[PROBLEM TO WORK ON] Using the data below, copy every line that contains the word "destruct".
··· RECORDS FOR THIS TASK ···
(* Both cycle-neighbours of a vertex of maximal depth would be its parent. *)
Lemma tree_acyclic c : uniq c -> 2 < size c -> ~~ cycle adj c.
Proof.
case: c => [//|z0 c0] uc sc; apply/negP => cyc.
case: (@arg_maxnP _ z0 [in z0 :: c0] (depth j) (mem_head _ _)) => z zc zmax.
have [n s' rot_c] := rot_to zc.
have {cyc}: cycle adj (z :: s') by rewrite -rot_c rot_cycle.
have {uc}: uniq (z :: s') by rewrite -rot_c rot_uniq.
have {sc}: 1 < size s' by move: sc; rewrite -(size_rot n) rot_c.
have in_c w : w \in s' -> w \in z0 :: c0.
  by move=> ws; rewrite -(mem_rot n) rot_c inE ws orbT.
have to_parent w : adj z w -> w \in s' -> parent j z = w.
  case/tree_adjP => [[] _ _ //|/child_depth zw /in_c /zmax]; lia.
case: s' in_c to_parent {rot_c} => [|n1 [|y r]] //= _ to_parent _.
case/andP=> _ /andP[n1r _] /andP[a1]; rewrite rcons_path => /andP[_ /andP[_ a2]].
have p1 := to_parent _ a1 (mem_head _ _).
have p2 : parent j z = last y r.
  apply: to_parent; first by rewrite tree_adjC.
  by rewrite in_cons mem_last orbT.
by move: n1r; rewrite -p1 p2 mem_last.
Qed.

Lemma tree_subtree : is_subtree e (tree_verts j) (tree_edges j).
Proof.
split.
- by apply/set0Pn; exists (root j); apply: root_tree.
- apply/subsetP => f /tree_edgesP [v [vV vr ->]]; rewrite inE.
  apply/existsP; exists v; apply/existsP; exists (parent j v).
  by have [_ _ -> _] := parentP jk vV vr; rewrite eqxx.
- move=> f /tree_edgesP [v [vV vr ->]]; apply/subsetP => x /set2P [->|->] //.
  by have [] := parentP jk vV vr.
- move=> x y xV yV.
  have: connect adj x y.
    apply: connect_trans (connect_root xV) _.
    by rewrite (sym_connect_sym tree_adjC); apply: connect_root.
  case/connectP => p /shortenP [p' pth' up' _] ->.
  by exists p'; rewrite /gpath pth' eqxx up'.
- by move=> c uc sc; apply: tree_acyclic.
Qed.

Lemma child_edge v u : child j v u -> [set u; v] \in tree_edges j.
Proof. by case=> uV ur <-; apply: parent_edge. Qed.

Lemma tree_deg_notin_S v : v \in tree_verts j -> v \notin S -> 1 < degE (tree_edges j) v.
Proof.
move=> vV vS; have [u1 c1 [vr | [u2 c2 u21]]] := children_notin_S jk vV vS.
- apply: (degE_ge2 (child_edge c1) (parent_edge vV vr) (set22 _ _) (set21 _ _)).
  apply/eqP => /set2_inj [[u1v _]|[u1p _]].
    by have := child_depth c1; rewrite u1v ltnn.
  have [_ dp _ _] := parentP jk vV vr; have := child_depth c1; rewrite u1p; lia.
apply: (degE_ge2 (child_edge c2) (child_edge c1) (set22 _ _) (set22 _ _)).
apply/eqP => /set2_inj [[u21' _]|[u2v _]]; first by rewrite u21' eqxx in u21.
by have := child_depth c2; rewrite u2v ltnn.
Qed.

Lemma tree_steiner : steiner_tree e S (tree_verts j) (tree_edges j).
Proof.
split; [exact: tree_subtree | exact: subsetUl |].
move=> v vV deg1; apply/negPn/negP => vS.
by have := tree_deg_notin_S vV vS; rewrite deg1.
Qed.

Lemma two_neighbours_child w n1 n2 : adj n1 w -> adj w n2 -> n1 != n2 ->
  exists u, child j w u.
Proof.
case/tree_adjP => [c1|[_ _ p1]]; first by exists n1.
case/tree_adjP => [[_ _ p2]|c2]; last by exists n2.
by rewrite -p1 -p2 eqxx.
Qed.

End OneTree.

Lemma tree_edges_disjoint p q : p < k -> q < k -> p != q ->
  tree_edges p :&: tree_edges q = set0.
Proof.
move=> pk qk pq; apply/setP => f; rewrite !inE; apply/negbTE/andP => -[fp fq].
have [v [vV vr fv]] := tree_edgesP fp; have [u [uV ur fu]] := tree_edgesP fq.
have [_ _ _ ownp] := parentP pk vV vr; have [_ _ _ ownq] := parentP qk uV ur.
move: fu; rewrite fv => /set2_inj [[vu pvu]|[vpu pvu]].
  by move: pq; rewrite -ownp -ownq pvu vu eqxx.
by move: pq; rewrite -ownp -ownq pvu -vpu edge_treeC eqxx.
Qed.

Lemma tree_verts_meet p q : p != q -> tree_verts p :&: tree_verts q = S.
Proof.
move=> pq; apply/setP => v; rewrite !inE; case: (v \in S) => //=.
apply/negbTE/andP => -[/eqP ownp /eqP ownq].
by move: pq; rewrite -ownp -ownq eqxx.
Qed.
···
··· RECORDS FOR THIS TASK ···
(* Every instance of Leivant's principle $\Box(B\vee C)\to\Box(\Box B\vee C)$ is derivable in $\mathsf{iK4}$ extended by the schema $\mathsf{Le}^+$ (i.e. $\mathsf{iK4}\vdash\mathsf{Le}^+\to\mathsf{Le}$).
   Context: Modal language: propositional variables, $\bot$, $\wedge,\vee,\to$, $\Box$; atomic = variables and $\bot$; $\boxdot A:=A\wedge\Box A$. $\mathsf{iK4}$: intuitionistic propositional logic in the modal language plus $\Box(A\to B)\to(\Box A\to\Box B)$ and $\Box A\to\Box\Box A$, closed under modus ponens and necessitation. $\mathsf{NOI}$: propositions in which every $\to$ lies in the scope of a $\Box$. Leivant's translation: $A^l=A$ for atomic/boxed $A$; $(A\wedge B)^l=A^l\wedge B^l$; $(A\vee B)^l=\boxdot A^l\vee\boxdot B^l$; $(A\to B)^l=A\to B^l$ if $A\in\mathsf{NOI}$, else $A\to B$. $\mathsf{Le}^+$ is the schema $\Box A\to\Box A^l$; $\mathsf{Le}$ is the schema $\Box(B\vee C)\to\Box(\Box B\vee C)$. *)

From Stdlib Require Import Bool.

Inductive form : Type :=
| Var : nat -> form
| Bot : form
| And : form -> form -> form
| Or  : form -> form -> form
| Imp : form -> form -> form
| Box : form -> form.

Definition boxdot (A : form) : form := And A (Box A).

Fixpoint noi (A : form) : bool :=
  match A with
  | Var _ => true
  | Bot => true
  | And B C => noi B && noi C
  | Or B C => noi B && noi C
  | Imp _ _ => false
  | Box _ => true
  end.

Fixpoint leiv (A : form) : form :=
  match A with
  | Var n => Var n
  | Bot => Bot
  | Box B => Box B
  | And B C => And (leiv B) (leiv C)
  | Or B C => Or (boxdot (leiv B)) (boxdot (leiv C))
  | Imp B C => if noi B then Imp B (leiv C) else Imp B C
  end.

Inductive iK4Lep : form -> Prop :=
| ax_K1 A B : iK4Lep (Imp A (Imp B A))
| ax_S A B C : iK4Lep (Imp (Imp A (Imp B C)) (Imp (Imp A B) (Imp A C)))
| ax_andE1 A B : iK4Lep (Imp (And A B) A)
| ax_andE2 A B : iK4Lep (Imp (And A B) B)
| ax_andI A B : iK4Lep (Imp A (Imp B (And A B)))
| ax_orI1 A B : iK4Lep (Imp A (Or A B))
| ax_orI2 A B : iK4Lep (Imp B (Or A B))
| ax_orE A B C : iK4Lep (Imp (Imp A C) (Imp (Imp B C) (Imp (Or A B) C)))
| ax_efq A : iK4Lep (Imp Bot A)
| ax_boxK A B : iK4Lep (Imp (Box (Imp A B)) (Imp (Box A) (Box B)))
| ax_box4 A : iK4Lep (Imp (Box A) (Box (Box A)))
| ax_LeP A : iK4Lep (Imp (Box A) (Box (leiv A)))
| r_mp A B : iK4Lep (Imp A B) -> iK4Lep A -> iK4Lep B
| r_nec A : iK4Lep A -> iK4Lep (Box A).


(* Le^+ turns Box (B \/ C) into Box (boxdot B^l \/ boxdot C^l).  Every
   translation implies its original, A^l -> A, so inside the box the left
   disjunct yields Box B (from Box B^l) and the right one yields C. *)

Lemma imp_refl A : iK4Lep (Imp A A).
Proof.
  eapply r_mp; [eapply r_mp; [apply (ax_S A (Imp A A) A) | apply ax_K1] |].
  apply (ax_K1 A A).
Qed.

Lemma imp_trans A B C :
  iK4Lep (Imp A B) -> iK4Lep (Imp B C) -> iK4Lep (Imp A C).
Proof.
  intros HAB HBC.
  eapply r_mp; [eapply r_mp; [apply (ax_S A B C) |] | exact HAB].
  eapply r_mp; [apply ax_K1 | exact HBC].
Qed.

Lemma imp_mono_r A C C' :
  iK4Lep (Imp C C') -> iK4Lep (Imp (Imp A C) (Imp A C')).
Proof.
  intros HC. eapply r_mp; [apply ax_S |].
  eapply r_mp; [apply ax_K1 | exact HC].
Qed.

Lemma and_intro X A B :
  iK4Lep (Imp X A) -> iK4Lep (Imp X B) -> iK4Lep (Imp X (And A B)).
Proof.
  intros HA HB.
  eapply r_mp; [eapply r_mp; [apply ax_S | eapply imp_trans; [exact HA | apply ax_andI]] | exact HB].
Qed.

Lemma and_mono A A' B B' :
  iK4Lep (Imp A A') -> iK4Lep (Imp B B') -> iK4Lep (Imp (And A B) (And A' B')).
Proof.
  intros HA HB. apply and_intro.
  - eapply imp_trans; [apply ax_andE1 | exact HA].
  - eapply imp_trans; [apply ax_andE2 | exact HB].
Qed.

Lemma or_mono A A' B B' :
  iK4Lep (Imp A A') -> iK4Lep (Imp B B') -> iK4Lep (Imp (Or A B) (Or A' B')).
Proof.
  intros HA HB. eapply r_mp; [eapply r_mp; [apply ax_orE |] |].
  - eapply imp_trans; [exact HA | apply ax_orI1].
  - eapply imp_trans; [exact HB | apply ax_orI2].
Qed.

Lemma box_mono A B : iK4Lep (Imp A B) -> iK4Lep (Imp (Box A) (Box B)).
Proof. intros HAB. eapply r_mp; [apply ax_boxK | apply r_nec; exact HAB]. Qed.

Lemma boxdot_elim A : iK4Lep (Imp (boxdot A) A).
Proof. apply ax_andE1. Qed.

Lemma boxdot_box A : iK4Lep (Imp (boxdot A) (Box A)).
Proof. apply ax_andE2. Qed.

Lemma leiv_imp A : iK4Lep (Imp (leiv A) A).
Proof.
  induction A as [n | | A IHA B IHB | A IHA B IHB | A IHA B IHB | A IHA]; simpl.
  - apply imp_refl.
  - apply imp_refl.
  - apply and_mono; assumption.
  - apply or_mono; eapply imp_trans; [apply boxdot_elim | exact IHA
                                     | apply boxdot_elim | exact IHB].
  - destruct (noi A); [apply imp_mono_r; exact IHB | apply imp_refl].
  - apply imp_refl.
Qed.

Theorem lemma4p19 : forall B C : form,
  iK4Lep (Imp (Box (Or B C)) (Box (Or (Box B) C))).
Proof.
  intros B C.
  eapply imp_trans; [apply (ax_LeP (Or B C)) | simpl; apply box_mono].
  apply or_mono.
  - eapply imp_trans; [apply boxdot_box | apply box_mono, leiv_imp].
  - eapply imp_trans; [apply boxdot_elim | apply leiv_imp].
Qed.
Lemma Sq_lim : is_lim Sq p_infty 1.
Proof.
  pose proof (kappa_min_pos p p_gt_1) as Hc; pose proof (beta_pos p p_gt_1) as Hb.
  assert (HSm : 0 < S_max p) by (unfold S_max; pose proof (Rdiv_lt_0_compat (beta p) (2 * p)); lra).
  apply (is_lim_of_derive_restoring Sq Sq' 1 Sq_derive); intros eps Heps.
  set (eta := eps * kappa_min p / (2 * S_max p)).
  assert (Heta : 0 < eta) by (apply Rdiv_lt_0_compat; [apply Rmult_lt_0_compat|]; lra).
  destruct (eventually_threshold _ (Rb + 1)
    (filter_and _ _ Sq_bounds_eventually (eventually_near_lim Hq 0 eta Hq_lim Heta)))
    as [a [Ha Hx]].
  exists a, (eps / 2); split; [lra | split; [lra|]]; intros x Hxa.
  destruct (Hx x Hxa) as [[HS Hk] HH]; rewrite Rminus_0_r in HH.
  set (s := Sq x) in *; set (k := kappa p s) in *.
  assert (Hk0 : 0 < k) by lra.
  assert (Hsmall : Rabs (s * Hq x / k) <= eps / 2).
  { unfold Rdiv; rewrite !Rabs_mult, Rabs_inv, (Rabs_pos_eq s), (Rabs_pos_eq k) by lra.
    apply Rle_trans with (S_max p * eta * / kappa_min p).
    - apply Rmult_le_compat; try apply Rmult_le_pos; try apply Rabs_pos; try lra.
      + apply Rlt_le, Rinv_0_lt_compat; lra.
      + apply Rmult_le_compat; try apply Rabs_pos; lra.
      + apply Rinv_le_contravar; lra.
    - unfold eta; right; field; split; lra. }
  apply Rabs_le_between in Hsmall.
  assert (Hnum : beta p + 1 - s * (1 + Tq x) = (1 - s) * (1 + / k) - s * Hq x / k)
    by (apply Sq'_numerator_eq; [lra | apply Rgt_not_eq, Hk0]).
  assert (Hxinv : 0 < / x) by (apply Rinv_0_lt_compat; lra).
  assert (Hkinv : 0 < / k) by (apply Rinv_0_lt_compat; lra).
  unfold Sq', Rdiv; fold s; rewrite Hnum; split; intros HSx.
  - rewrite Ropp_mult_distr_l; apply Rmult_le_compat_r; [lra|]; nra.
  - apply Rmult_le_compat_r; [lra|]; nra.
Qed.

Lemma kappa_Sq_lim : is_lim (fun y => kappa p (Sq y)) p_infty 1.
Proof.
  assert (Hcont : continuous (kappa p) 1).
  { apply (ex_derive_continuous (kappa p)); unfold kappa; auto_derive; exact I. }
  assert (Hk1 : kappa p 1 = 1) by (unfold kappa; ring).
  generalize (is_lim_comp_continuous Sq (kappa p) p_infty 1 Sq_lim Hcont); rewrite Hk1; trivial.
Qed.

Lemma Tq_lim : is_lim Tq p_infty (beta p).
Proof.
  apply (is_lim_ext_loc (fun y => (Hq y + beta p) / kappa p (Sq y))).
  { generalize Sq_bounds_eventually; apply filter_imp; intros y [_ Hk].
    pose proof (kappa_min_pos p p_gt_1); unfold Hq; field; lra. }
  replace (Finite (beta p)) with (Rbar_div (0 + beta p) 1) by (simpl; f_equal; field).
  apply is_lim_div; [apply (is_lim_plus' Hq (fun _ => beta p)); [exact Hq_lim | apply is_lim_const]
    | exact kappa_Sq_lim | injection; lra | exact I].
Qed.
···
[WRITTEN REPLY]
  - destruct (noi A); [apply imp_mono_r; exact IHB | apply imp_refl].
  destruct (eventually_threshold _ (Rb + 1)
  destruct (Hx x Hxa) as [[HS Hk] HH]; rewrite Rminus_0_r in HH.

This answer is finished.